▶ [The problem] Check each line below for the word "complex". How many have it? Answer with the number only.

Top of Data supplied

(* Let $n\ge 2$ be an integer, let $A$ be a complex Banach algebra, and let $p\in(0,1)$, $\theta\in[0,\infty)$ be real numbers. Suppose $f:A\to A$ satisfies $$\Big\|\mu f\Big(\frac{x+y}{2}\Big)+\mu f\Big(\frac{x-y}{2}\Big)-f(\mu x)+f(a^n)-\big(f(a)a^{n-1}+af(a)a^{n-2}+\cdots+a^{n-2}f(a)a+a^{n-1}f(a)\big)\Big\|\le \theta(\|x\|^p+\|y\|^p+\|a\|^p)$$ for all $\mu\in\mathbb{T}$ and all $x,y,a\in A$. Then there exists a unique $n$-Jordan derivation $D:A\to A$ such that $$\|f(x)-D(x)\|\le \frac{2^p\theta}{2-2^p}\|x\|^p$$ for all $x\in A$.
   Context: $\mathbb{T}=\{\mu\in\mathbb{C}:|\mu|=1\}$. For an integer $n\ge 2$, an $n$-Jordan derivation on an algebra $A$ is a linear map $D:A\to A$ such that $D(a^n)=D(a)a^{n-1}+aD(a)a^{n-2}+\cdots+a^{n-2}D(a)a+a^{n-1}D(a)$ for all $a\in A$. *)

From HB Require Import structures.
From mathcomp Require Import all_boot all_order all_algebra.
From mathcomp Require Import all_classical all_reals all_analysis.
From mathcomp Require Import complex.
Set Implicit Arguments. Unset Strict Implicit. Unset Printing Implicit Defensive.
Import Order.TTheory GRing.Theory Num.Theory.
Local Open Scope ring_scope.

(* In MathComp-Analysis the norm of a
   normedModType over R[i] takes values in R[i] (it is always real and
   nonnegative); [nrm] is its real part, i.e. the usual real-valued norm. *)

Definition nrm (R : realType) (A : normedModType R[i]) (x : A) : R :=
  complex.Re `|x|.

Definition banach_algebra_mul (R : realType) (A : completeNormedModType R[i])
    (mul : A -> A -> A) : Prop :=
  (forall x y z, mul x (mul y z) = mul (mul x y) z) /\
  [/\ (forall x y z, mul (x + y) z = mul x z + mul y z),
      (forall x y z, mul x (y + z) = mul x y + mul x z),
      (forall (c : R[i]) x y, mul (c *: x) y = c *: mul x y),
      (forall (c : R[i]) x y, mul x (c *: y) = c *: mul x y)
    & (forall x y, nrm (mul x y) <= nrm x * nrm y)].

Bottom of Data supplied

▶ [Solution to this exercise] 3